(AVAILABLE RECORDS):
Lemma periodic_on_extend_right w D s e : e <= size w -> periodic_on w D s e ->
  exists2 e', e <= e' <= size w & periodic_on w D s e' /\
    (e' = size w \/ letter w e'.+1 != letter w (e'.+1 - D)).
Proof.
move Hm : (size w - e) => m; elim: m e Hm => [|m IH] e Hm He Hp.
  by exists e; [lia | split => //; left; lia].
case: (eqVneq (letter w e.+1) (letter w (e.+1 - D))) => Hed; last first.
  by exists e; [lia | split => //; right].
have Hp' : periodic_on w D s e.+1.
  move=> k Hk1 Hk2; case: (ltngtP (k + D) e.+1) => HkD; [apply: Hp | lia |]; try lia.
  by rewrite HkD Hed; congr letter; lia.
by have [e' He' Hp''] := IH e.+1 ltac:(lia) ltac:(lia) Hp'; exists e' => //; lia.
Qed.

Lemma periodic_on_left_mismatch w D s e :
  periodic_on w D s.+1 e -> ~ periodic_on w D s e -> letter w s != letter w (s + D).
Proof.
move=> H1 H2; apply/negP => /eqP Hs; apply: H2 => k Hk1 Hk2.
by case: (ltngtP k s) => Hks; [lia | apply: H1 | rewrite Hks].
Qed.

Lemma periodic_on_right_mismatch w D s e :
  periodic_on w D s e -> ~ periodic_on w D s e.+1 ->
  s + D <= e.+1 /\ letter w (e.+1 - D) != letter w e.+1.
Proof.
move=> H1 H2; case: (leqP (s + D) e.+1) => HsD; last first.
  by case: H2 => k; lia.
split => //; apply/negP => /eqP He; apply: H2 => k Hk1 Hk2.
case: (ltngtP (k + D) e.+1) => HkD; [apply: H1 | lia |]; try lia.
by rewrite HkD -He; congr letter; lia.
Qed.

Lemma first_mismatch_unique (A B : nat -> bool) u t :
  (forall v, v < u -> A v = B v) -> A u != B u ->
  (forall v, v < t -> A v = B v) -> A t != B t -> u = t.
Proof.
move=> Hu Au Ht At; case: (ltngtP u t) => // Hut.
- by rewrite Ht ?eqxx in Au.
- by rewrite Hu ?eqxx in At.
Qed.

Lemma first_mismatch (x y : word) : size x = size y -> x != y ->
  exists t, [/\ t < size x, forall s, s < t -> nth0 x s = nth0 y s & nth0 x t != nth0 y t].
Proof.
elim: x y => [|a x IH] [|b y] //= [Hs] Hne.
case: (eqVneq a b) => [Hab|]; last by exists 0.
have [|t [Ht Hagree Hmis]] := IH y Hs; first by apply: contra Hne => /eqP <-; rewrite Hab.
by exists t.+1; split => // -[|s] //= /Hagree.
Qed.

Lemma lexlt_mismatch c x y t : t < size x -> t < size y ->
  (forall s, s < t -> nth0 x s = nth0 y s) ->
  nth0 x t != nth0 y t -> lexlt c x y = (nth0 x t == c).
Proof.
elim: t x y => [|t IH] [|a x] [|b y] //=; first by move=> _ _ _ /negbTE ->.
move=> Hx Hy Hagree Hmis; have /= -> := Hagree 0 isT; rewrite eqxx.
by apply: IH => // s Hs; apply: (Hagree s.+1).
Qed.

Lemma lexlt_asym c x y : lexlt c x y -> ~~ lexlt c y x.
Proof.
elim: x y => [|a x IH] [|b y] //=.
case: (eqVneq a b) => [_|Hab /eqP Hac]; first exact: IH.
by apply/eqP => Hbc; move: Hab; rewrite Hac Hbc eqxx.
Qed.

Lemma nth_rot_low (x : word) k s : s + k < size x -> nth0 (rot k x) s = nth0 x (s + k).
Proof.
move=> Hs; rewrite /rot nth_cat size_drop ifT; last by lia.
by rewrite nth_drop addnC.
Qed.

Lemma nth_rot_high (x : word) k s : k <= size x -> size x - k <= s < size x ->
  nth0 (rot k x) s = nth0 x (s + k - size x).
Proof.
move=> Hk Hs; rewrite /rot nth_cat size_drop ifF; last by lia.
by rewrite nth_take; [congr nth|]; lia.
Qed.

Lemma lyndon_lt_rot c x k : lyndon c x -> 0 < k < size x -> lexlt c x (rot k x).
Proof.
case/andP=> _ /forallP Hly /andP[Hk0 Hk].
by move: (Hly (Ordinal Hk)); rewrite /= Hk0 => /andP[].
Qed.

Lemma lyndon_rot_mismatch c x k : lyndon c x -> 0 < k < size x ->
  exists t, [/\ t < size x, forall s, s < t -> nth0 x s = nth0 (rot k x) s,
              nth0 x t = c & nth0 (rot k x) t = ~~ c].
Proof.
case/andP=> _ /forallP Hly /andP[Hk0 Hk].
move: (Hly (Ordinal Hk)); rewrite /= Hk0 /= eq_sym => /andP[Hne Hlt].
have [t [Ht Hagree Hmis]] := first_mismatch (esym (size_rot k x)) Hne.
have Ht' : t < size (rot k x) by rewrite size_rot.
move: Hlt; rewrite (lexlt_mismatch c Ht Ht' Hagree Hmis) => /eqP Hxt.
by exists t; split => //; rewrite -Hxt; apply: neq_negb.
Qed.

(* A shift k and its complementary shift |x| - k would give two mutually
   contradicting first mismatches between x and its rotation. *)
Lemma lyndon_aperiodic c x k : lyndon c x -> 0 < k < size x ->
  ~ (forall s, s + k < size x -> nth0 x s = nth0 x (s + k)).
Proof.
move=> Hly Hk Hper; have Hk' : 0 < size x - k < size x by lia.
have [t0 [Ht0 Hagree0 Hx0 Hr0]] := lyndon_rot_mismatch Hly Hk.
have [t1 [Ht1 Hagree1 Hx1 Hr1]] := lyndon_rot_mismatch Hly Hk'.
have Ht0k : size x <= t0 + k.
  rewrite leqNgt; apply/negP => H; move: Hr0.
  by rewrite nth_rot_low // -Hper // Hx0; case: (c).
have Ht1k : t1 < k.
  rewrite ltnNge; apply/negP => H; move: Hr1; rewrite nth_rot_high; try lia.
  have -> : t1 + (size x - k) - size x = t1 - k by lia.
  by rewrite Hper ?subnK ?Hx1; [case: (c) | lia ..].
have Hrot0 : nth0 x (t0 + k - size x) = ~~ c.
  by rewrite -Hr0 nth_rot_high; lia.
have Hrot1 : nth0 x (t1 + (size x - k)) = ~~ c by rewrite -Hr1 nth_rot_low; lia.
have Ht : t0 + k - size x = t1.
  apply: (@first_mismatch_unique (nth0 x) (fun v => nth0 x (v + (size x - k)))) => /=.
  - move=> v Hv; rewrite (Hagree0 (v + (size x - k))); last by lia.
    by rewrite nth_rot_high; [congr nth|..]; lia.
  - by rewrite Hrot0 (_ : _ + _ = t0) ?Hx0; [case: (c)|lia].
  - by move=> v Hv; rewrite Hagree1 ?nth_rot_low //; lia.
  - by rewrite Hx1 Hrot1; case: (c).
by move: Hrot0; rewrite Ht Hx1; case: (c).
Qed.

Lemma lyndon_shift_mismatch c x k : lyndon c x -> 0 < k < size x ->
  exists t, [/\ t + k < size x, forall s, s < t -> nth0 x s = nth0 x (s + k),
              nth0 x t = c & nth0 x (t + k) = ~~ c].
Proof.
move=> Hly Hk; have [t [Ht Hagree Hx Hr]] := lyndon_rot_mismatch Hly Hk.
case: (ltnP (t + k) (size x)) => Htk.
  by exists t; split => // [s Hs|]; rewrite -?nth_rot_low ?Hagree //; lia.
case: (lyndon_aperiodic Hly Hk) => s Hs.
by rewrite Hagree ?nth_rot_low //; lia.
Qed.

Lemma lyndon_ends c x : lyndon c x -> 1 < size x ->
  nth0 x 0 = c /\ nth0 x (size x).-1 = ~~ c.
Proof.
move=> Hly Hx; have Hk : 0 < (size x).-1 < size x by lia.
have [t [Ht _ Hx0 Hlast]] := lyndon_shift_mismatch Hly Hk.
have Ht0 : t = 0 by lia.
by move: Hx0 Hlast; rewrite Ht0 add0n.
Qed.

Lemma lyndon_orientation c c' x : lyndon c x -> lyndon c' x -> 1 < size x -> c' = c.
Proof.
move=> Hly Hly' Hx; have [Hc _] := lyndon_ends Hly Hx.
by have [] := lyndon_ends Hly' Hx; rewrite Hc.
Qed.

Lemma lyndon_size1 c x : size x = 1 -> lyndon c x.
Proof.
move=> Hx; apply/andP; split; first by case: x Hx.
by apply/forallP => -[k]; rewrite Hx; case: k.
Qed.

Lemma lyndon_of_shift_mismatch c x : 0 < size x ->
  (forall k, 0 < k < size x -> exists t, [/\ t + k < size x,
     forall s, s < t -> nth0 x s = nth0 x (s + k), nth0 x t = c & nth0 x (t + k) = ~~ c]) ->
  lyndon c x.
Proof.
move=> Hx Hmis; apply/andP; split; first by rewrite -size_eq0 -lt0n.
apply/forallP => k; apply/implyP => Hk0.
have [t [Ht Hagree Hxt Hrt]] := Hmis k ltac:(by rewrite Hk0 ltn_ord).
rewrite -nth_rot_low // in Hrt.
have Hne : nth0 x t != nth0 (rot k x) t by rewrite Hxt Hrt; case: (c).
apply/andP; split; first by apply: contra Hne => /eqP ->.
rewrite (lexlt_mismatch c _ _ _ Hne) ?Hxt ?size_rot //; [lia|lia|].
by move=> s Hs; rewrite nth_rot_low; [apply: Hagree|]; lia.
Qed.

Section LyndonFactors.
Variables (w : word) (c : bool).

Lemma not_lyndon_factor_periodic j t D : periodic_on w D j t ->
  0 < j -> t <= size w -> 0 < D < t.+1 - j -> ~~ lyndon c (factor w j t).
Proof.
move=> Hp Hj Ht HD; apply/negP => Hly.
apply: (lyndon_aperiodic (k := D) Hly); first by rewrite size_factor //; lia.
move=> s; rewrite size_factor // => Hs.
by rewrite !nth_factor; [rewrite addnA Hp|..]; lia.
Qed.

(* Under <_c the letter c is the smaller one. *)
Lemma not_lyndon_factor_after_drop j D E t : periodic_on w D j E ->
  letter w E.+1 = c -> letter w (E.+1 - D) = ~~ c ->
  0 < j -> 0 < D -> j + D <= E.+1 -> E < t <= size w -> ~~ lyndon c (factor w j t).
Proof.
move=> Hp Hdrop Hdrop' Hj HD HjD Ht; apply/negP => Hly.
have Hk : 0 < D < size (factor w j t) by rewrite size_factor //; lia.
have [t1 [Ht1 Hagree Hx Hr]] := lyndon_shift_mismatch Hly Hk.
rewrite size_factor in Ht1; try lia.
rewrite !nth_factor in Hx Hr; try lia.
have Hbefore : t1 < E.+1 - D - j -> False.
  by move=> H; move: Hr; rewrite addnA -Hp ?Hx; [case: (c)|lia..].
have Hafter : E.+1 - D - j < t1 -> False.
  move=> H; move: (Hagree _ H); rewrite !nth_factor; try lia.
  rewrite (_ : j + _ = E.+1 - D); last by lia.
  by rewrite (_ : j + _ = E.+1) ?Hdrop ?Hdrop'; [case: (c)|lia].
have Ht1E : t1 = E.+1 - D - j.
  by case: (ltngtP t1 (E.+1 - D - j)) => [/Hbefore|/Hafter|].
by move: Hx; rewrite Ht1E (_ : j + _ = E.+1 - D) ?Hdrop'; [case: (c)|lia].
Qed.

(PROBLEM STATEMENT): Write out, exactly and with nothing else, the lines of the listing above from its first line through the line with "have [|t [Ht".

(RESULT OF THE EXERCISE):
Lemma periodic_on_extend_right w D s e : e <= size w -> periodic_on w D s e ->
  exists2 e', e <= e' <= size w & periodic_on w D s e' /\
    (e' = size w \/ letter w e'.+1 != letter w (e'.+1 - D)).
Proof.
move Hm : (size w - e) => m; elim: m e Hm => [|m IH] e Hm He Hp.
  by exists e; [lia | split => //; left; lia].
case: (eqVneq (letter w e.+1) (letter w (e.+1 - D))) => Hed; last first.
  by exists e; [lia | split => //; right].
have Hp' : periodic_on w D s e.+1.
  move=> k Hk1 Hk2; case: (ltngtP (k + D) e.+1) => HkD; [apply: Hp | lia |]; try lia.
  by rewrite HkD Hed; congr letter; lia.
by have [e' He' Hp''] := IH e.+1 ltac:(lia) ltac:(lia) Hp'; exists e' => //; lia.
Qed.

Lemma periodic_on_left_mismatch w D s e :
  periodic_on w D s.+1 e -> ~ periodic_on w D s e -> letter w s != letter w (s + D).
Proof.
move=> H1 H2; apply/negP => /eqP Hs; apply: H2 => k Hk1 Hk2.
by case: (ltngtP k s) => Hks; [lia | apply: H1 | rewrite Hks].
Qed.

Lemma periodic_on_right_mismatch w D s e :
  periodic_on w D s e -> ~ periodic_on w D s e.+1 ->
  s + D <= e.+1 /\ letter w (e.+1 - D) != letter w e.+1.
Proof.
move=> H1 H2; case: (leqP (s + D) e.+1) => HsD; last first.
  by case: H2 => k; lia.
split => //; apply/negP => /eqP He; apply: H2 => k Hk1 Hk2.
case: (ltngtP (k + D) e.+1) => HkD; [apply: H1 | lia |]; try lia.
by rewrite HkD -He; congr letter; lia.
Qed.

Lemma first_mismatch_unique (A B : nat -> bool) u t :
  (forall v, v < u -> A v = B v) -> A u != B u ->
  (forall v, v < t -> A v = B v) -> A t != B t -> u = t.
Proof.
move=> Hu Au Ht At; case: (ltngtP u t) => // Hut.
- by rewrite Ht ?eqxx in Au.
- by rewrite Hu ?eqxx in At.
Qed.

Lemma first_mismatch (x y : word) : size x = size y -> x != y ->
  exists t, [/\ t < size x, forall s, s < t -> nth0 x s = nth0 y s & nth0 x t != nth0 y t].
Proof.
elim: x y => [|a x IH] [|b y] //= [Hs] Hne.
case: (eqVneq a b) => [Hab|]; last by exists 0.
have [|t [Ht Hagree Hmis]] := IH y Hs; first by apply: contra Hne => /eqP <-; rewrite Hab.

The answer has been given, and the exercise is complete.